+++ Exercise inputs
Let restricted_law_sigma_additive : semi_sigma_additive restricted_law.
Proof.
move=> F mF tF mUF; rewrite /restricted_law preimage_bigcup setI_bigcupl.
apply: measure_semi_sigma_additive => [n||]; first exact: measurable_preimageI.
- apply/trivIsetP => a b _ _ ab; rewrite setIACA -preimage_setI.
  by move/trivIsetP: tF => /(_ _ _ I I ab) ->; rewrite preimage_set0 set0I.
- by rewrite -setI_bigcupl -preimage_bigcup; exact: measurable_preimageI.
Qed.

HB.instance Definition _ := isMeasure.Build _ _ _ restricted_law
  restricted_law0 restricted_law_ge0 restricted_law_sigma_additive.

Let prob_YB : {nonneg R} := NngNum (fine_ge0 (measure_ge0 P (Y @^-1` B))).

Let scaled_lawE A :
  mscale prob_YB (distribution P X) A = (P (X @^-1` A) * P (Y @^-1` B))%E.
Proof.
rewrite [RHS]muleC.
transitivity ((fine (P (Y @^-1` B)))%:E * P (X @^-1` A))%E => //.
by rewrite fineK// fin_num_measure//; exact: measurable_funPTI.
Qed.

(* Both sides are finite measures in A agreeing on the pi-system of rays
   ]-oo, m[, which generates the Borel sets. *)
Lemma indep_preimage A : measurable A ->
  P (X @^-1` A `&` Y @^-1` B) = (P (X @^-1` A) * P (Y @^-1` B))%E.
Proof.
move=> mA; rewrite -scaled_lawE; apply: (@measure_unique _ _ _
    (@RGenInftyO.G R) (fun n => `]-oo, n%:R[%classic) _ _ _ _
    restricted_law) => //.
- exact: RGenInftyO.measurableE.
- move=> _ _ [x ->] [y ->]; exists (Num.min x y).
  rewrite predeqE => z /=; rewrite !in_itv /= lt_min.
  by split=> [[-> ->]|/andP].
- by move=> n; exists n%:R.
- rewrite predeqE => z; split => // _; exists (Num.trunc `|z|).+1 => //=.
  by rewrite in_itv /= (le_lt_trans (ler_norm z) (truncnS_gt _)).
- by move=> _ [x ->]; exact: eq_trans (indep_lt x mB) (esym (scaled_lawE _)).
- move=> k; apply: (le_lt_trans (probability_le1 _ _)); last exact: ltry.
  exact: measurable_preimageI.
Qed.

End restricted_law.

Definition pairXY (w : T) : R * R := (X w, Y w).

Let measurable_pairXY : measurable_fun setT pairXY.
Proof. by apply: measurable_fun_pair; exact: measurable_funPT. Qed.

HB.instance Definition _ :=
  isMeasurableFun.Build _ _ _ _ pairXY measurable_pairXY.

Lemma joint_law_indep (S : set (R * R)) : measurable S ->
  P ((fun w => (X w, Y w)) @^-1` S) =
  ((distribution P X \x distribution P Y) S)%E.
Proof.
move=> mS; rewrite (product_measure_unique (m' := distribution P pairXY)) //.
by move=> A B mA mB; exact: indep_preimage.
Qed.

End independent_pair.

Section events.
Context {R : realType} {T : Type} {N : nat}.
Variables (Z : 'I_N -> T -> R) (G : 'I_N -> R) (i : 'I_N).

Definition win_event := [set w | forall j, G j + Z j w <= G i + Z i w].

Definition narrow_win_event (u : R) := [set w | win_event w /\
  exists2 j, j != i & G i + Z i w - u < G j + Z j w].

Lemma win_event_single_arm : ~ (exists j, j != i) -> win_event = setT.
Proof.
move=> single; apply/seteqP; split => // w _ j.
by have [->//|ji] := eqVneq j i; case: single; exists j.
Qed.

Lemma narrow_win_event_single_arm u :
  ~ (exists j, j != i) -> narrow_win_event u = set0.
Proof.
move=> single; apply/seteqP; split => // w [_ [j ji _]].
by case: single; exists j.
Qed.

End events.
++++++
■ **Task**
Where a line of the records holds the word "Build", copy that line.

■ **Written reply**
HB.instance Definition _ := isMeasure.Build _ _ _ restricted_law
  isMeasurableFun.Build _ _ _ _ pairXY measurable_pairXY.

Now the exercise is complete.